WHAT YOU ARE ASKED TO DO:
Exactly the lines below from the one with "have [s s_sign [g_neg" up to and including the one with "R := (u.1%:~R, u.2%:~R)." make up the answer, with nothing else added.

Saved data entries:
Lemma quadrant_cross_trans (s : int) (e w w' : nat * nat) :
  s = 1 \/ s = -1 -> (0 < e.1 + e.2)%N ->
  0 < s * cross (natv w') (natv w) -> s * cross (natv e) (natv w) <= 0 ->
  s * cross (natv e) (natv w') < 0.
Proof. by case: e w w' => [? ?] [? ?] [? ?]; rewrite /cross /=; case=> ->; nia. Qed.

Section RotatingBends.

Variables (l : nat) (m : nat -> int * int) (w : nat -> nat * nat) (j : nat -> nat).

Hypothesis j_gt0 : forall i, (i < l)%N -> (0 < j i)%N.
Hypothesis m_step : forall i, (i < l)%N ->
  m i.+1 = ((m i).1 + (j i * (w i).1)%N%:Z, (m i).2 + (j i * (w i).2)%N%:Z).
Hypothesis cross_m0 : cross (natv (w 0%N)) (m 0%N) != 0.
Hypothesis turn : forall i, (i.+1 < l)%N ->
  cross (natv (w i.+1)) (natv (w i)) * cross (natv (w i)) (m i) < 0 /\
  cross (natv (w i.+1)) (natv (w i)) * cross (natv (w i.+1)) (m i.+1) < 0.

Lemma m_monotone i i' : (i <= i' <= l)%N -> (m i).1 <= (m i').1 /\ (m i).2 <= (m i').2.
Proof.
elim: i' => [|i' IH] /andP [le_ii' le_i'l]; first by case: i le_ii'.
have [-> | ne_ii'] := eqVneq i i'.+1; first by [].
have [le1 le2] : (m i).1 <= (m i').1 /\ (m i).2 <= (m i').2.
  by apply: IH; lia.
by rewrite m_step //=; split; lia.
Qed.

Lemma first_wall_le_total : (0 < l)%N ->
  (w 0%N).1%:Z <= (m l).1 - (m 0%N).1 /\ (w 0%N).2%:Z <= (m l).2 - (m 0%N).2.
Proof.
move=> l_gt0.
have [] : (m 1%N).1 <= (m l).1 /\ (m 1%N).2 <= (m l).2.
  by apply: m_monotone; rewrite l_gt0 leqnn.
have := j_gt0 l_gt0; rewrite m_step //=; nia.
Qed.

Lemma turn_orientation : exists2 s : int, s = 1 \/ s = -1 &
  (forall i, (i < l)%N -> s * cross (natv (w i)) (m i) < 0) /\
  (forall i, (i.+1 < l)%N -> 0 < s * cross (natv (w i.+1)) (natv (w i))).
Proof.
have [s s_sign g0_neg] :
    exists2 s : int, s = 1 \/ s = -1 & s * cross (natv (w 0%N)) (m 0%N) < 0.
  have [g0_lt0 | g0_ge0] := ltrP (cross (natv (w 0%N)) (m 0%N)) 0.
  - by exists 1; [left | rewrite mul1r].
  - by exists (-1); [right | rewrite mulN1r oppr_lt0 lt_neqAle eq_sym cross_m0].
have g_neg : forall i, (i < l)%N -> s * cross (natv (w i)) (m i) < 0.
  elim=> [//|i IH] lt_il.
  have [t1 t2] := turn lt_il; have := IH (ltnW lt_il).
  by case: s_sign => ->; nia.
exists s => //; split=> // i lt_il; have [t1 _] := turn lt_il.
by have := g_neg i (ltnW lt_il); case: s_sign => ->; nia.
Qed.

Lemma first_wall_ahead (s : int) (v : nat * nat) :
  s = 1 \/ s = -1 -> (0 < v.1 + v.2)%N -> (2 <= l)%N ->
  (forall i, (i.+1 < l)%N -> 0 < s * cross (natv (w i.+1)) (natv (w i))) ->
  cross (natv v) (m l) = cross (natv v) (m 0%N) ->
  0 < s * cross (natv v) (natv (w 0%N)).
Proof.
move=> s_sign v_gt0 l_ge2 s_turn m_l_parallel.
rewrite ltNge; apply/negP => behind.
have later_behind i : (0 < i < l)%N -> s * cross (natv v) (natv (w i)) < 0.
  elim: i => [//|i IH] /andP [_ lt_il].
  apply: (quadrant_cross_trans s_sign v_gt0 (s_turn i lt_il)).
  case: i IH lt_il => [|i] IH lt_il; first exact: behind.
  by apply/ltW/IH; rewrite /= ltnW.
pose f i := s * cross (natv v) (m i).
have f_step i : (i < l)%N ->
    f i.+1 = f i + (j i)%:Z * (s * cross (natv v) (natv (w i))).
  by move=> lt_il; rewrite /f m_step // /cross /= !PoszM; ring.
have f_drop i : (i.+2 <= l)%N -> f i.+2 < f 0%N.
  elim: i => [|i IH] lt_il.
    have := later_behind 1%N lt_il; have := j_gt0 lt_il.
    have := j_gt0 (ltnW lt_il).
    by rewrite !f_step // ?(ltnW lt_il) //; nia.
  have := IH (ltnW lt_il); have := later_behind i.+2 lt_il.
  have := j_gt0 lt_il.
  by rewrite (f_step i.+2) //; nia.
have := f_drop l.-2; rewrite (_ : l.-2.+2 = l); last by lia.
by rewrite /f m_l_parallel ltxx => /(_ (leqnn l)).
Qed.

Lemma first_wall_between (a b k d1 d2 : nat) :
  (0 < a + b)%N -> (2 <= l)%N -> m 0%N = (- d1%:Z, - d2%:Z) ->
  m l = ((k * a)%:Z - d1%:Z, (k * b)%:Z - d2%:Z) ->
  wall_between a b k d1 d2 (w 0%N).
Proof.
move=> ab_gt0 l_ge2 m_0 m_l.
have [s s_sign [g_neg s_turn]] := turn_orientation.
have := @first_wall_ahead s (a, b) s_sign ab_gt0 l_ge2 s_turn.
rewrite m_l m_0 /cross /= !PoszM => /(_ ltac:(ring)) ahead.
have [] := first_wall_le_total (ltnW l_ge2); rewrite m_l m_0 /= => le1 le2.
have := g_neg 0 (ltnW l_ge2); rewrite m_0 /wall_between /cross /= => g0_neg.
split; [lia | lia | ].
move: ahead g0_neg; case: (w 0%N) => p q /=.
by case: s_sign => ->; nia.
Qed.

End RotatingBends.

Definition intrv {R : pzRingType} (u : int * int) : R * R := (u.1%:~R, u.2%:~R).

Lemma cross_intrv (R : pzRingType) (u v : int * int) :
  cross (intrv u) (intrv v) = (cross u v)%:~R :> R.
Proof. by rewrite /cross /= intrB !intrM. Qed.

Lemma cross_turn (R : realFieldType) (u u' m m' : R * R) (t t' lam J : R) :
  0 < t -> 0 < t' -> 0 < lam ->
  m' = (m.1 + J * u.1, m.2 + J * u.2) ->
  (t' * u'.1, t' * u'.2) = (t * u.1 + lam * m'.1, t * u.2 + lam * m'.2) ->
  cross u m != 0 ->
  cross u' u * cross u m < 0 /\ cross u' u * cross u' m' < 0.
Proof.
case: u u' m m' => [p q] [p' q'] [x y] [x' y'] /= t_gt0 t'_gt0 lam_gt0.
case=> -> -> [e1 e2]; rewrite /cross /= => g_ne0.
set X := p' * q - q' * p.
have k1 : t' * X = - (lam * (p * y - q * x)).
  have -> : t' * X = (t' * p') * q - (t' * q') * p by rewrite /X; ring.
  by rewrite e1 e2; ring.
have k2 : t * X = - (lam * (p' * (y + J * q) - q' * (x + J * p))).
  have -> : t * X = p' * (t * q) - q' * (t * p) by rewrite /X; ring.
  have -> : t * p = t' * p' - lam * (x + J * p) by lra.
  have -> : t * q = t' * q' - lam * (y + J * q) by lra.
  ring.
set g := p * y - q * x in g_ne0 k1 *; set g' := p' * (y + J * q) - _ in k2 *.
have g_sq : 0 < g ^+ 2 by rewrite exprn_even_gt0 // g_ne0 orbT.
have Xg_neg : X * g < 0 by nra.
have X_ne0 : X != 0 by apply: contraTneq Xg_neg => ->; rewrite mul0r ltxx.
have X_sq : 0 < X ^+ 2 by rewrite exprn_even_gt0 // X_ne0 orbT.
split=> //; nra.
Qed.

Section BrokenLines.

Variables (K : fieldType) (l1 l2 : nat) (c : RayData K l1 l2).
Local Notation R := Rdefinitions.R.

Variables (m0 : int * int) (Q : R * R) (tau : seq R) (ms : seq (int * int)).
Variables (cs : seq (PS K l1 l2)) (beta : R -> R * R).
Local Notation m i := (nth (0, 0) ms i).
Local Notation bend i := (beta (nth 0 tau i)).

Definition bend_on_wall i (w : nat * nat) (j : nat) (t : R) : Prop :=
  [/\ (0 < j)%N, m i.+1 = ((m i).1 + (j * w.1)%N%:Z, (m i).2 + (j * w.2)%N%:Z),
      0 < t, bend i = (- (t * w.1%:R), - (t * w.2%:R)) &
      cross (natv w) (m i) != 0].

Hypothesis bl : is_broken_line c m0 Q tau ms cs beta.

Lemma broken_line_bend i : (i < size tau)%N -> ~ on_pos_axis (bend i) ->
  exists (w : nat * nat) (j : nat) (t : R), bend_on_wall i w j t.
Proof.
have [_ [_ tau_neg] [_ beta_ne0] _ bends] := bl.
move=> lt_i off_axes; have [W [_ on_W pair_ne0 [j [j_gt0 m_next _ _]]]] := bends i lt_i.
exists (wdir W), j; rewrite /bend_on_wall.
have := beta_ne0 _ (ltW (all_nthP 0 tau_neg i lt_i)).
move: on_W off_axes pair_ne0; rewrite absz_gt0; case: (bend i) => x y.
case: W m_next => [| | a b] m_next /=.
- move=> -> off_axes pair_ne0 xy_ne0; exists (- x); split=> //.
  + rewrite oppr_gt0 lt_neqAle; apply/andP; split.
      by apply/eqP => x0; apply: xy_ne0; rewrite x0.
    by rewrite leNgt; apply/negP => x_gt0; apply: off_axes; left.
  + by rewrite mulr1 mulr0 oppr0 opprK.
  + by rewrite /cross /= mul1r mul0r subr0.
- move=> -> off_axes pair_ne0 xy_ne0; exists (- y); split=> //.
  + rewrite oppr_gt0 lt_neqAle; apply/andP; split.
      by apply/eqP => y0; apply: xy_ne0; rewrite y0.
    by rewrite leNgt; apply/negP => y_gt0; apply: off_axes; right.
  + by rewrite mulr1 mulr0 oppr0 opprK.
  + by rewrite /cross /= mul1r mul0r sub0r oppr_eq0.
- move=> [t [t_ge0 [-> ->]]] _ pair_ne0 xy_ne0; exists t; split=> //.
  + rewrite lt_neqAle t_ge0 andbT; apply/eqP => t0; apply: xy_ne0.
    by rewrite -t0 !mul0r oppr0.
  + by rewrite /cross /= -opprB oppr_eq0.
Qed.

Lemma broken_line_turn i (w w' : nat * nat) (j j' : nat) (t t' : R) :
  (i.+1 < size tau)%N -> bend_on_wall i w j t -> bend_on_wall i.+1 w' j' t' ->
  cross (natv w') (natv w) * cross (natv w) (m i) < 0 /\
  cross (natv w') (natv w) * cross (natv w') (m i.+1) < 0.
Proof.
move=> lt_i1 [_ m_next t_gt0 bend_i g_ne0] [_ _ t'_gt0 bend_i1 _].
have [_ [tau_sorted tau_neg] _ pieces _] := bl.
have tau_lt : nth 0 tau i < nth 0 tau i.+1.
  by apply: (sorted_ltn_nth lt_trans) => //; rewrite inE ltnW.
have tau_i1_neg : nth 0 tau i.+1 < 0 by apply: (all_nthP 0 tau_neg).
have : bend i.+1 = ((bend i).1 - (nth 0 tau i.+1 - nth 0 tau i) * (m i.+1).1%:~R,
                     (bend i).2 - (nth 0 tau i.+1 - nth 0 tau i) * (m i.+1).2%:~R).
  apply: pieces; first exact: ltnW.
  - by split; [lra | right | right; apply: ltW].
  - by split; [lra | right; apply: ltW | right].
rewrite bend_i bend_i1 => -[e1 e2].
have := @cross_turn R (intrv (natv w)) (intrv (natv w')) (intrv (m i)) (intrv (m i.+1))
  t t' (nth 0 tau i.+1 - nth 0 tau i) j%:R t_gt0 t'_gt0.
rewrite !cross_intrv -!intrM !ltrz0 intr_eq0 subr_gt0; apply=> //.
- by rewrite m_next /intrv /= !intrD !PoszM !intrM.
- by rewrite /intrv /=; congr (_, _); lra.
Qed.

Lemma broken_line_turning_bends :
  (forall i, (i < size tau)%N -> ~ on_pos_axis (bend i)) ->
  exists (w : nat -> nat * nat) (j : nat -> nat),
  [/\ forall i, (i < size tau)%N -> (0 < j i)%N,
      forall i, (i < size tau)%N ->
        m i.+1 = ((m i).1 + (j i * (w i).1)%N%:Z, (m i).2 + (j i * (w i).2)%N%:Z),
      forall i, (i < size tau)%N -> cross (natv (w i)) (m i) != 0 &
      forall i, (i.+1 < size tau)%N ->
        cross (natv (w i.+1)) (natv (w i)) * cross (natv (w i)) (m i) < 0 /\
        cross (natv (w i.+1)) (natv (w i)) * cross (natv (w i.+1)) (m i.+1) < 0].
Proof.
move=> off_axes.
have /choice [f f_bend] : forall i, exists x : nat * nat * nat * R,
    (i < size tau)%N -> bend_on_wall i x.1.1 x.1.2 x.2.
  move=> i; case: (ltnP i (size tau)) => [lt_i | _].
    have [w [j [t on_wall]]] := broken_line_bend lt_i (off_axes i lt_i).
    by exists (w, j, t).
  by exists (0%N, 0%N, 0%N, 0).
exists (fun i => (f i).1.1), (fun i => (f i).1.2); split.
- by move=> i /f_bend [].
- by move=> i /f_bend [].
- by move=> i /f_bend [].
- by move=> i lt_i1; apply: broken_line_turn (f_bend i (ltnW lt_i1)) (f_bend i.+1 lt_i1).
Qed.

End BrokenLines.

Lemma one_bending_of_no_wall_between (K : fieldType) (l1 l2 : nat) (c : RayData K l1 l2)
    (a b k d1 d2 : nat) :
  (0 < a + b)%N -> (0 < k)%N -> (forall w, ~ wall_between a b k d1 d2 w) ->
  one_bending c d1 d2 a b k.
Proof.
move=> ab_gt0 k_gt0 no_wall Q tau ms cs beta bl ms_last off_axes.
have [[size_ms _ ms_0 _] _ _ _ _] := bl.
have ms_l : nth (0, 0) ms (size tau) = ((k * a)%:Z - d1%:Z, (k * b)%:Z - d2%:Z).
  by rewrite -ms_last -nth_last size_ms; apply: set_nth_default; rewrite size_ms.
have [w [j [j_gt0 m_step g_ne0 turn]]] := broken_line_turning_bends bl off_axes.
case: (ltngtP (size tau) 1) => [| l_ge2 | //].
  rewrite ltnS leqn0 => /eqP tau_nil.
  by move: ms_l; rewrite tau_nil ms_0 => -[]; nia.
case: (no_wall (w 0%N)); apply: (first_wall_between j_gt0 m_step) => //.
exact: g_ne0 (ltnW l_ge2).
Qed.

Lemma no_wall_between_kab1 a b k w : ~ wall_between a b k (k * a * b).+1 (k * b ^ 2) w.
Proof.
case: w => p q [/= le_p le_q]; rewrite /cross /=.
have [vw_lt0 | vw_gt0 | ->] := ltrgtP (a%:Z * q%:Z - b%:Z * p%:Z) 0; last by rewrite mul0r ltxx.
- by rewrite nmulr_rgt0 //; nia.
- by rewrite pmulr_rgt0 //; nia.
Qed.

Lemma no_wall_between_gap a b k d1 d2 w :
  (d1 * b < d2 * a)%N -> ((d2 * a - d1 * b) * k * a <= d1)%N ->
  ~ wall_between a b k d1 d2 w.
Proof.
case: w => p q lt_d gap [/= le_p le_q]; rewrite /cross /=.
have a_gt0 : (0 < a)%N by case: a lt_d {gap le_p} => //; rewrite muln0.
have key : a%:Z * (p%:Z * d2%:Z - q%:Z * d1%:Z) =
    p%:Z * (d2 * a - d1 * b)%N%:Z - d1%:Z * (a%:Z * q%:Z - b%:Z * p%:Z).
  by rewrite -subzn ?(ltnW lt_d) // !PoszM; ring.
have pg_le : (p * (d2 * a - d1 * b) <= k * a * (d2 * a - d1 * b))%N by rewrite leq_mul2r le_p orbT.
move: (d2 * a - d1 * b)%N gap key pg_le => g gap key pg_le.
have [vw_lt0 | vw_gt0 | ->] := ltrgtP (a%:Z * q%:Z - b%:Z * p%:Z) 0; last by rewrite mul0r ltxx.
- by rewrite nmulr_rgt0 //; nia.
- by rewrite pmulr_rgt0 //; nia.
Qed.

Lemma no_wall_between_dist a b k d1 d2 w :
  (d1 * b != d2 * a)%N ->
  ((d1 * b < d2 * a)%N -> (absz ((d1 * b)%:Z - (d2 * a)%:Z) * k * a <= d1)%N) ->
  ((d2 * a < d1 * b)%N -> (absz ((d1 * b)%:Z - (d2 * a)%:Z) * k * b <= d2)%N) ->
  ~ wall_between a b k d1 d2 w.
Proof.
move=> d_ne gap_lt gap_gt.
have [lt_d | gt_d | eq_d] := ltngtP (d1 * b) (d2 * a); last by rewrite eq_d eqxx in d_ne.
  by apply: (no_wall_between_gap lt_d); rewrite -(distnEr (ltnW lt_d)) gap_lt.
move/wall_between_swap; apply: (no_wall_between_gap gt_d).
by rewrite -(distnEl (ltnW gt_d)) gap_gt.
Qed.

--

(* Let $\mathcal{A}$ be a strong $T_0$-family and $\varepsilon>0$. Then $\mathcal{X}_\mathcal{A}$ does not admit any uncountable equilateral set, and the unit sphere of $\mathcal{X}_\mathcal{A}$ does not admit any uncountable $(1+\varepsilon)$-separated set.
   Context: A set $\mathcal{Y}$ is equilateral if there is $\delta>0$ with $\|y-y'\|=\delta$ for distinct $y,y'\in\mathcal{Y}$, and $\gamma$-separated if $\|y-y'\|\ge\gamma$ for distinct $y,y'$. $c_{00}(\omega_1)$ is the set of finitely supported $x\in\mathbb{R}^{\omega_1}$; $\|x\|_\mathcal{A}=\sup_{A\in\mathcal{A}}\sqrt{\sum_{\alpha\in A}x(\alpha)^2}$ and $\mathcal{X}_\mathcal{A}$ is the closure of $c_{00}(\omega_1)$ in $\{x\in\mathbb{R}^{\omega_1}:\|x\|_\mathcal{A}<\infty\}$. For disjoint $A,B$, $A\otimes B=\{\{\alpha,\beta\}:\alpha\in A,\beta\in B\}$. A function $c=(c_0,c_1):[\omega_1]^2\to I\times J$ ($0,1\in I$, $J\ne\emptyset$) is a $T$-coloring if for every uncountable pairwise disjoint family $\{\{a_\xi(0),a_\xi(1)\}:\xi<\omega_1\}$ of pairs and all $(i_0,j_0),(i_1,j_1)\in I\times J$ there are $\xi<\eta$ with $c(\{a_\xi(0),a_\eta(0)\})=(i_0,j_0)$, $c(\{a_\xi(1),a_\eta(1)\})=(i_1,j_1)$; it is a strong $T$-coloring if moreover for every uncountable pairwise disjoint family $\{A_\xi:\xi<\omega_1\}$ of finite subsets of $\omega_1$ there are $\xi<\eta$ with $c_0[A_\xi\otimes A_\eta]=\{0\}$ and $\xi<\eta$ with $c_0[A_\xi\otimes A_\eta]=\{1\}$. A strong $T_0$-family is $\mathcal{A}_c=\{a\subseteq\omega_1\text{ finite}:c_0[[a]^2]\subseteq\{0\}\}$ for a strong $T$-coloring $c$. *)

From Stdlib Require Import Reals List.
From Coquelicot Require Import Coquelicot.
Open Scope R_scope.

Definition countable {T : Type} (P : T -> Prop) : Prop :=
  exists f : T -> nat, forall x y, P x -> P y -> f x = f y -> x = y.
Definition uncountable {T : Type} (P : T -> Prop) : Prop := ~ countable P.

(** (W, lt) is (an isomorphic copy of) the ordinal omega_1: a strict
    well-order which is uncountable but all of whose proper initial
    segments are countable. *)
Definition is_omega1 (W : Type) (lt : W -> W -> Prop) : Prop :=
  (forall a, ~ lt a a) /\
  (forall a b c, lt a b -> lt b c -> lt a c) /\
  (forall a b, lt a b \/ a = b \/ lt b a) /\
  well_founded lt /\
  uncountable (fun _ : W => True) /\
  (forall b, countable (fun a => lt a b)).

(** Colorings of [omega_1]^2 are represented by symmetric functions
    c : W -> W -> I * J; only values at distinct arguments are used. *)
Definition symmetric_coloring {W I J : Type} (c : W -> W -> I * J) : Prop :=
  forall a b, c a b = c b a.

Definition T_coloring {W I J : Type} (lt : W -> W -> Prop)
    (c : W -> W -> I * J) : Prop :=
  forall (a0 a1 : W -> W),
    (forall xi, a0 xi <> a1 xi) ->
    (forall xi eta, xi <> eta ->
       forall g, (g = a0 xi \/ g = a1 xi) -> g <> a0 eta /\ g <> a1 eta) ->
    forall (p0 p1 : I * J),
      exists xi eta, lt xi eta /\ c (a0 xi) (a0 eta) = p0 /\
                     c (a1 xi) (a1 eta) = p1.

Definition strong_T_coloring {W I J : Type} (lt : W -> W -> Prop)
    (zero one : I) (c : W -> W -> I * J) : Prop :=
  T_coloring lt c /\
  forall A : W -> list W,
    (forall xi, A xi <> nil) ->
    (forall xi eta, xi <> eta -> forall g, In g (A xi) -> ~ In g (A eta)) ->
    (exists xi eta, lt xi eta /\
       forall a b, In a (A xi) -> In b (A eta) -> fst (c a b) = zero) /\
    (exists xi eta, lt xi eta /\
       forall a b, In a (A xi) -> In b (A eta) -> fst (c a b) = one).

...

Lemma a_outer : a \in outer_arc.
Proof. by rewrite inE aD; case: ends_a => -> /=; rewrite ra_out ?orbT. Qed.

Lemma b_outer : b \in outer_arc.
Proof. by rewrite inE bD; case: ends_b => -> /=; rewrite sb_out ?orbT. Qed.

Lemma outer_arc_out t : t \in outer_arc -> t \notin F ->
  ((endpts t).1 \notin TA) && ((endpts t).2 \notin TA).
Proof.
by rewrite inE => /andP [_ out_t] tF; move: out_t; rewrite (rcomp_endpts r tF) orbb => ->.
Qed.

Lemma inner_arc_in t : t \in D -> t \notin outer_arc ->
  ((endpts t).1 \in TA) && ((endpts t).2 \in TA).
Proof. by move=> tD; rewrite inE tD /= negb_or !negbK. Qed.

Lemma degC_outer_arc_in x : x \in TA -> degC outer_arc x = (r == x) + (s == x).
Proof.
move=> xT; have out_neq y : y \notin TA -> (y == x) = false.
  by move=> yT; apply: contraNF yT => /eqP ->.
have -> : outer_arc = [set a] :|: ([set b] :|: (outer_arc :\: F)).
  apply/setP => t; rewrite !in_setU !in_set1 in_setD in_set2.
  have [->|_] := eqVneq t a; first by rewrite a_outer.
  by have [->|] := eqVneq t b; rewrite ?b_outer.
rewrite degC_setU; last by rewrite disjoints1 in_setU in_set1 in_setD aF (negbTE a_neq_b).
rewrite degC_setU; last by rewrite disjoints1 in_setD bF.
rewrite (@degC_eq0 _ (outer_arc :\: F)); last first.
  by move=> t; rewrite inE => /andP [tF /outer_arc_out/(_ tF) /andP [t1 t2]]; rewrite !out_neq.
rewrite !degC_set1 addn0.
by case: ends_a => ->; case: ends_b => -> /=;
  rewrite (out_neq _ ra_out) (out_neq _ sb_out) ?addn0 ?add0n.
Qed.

TASK OUTPUT:
have [s s_sign [g_neg s_turn]] := turn_orientation.
have := @first_wall_ahead s (a, b) s_sign ab_gt0 l_ge2 s_turn.
rewrite m_l m_0 /cross /= !PoszM => /(_ ltac:(ring)) ahead.
have [] := first_wall_le_total (ltnW l_ge2); rewrite m_l m_0 /= => le1 le2.
have := g_neg 0 (ltnW l_ge2); rewrite m_0 /wall_between /cross /= => g0_neg.
split; [lia | lia | ].
move: ahead g0_neg; case: (w 0%N) => p q /=.
by case: s_sign => ->; nia.
Qed.

End RotatingBends.

Definition intrv {R : pzRingType} (u : int * int) : R * R := (u.1%:~R, u.2%:~R).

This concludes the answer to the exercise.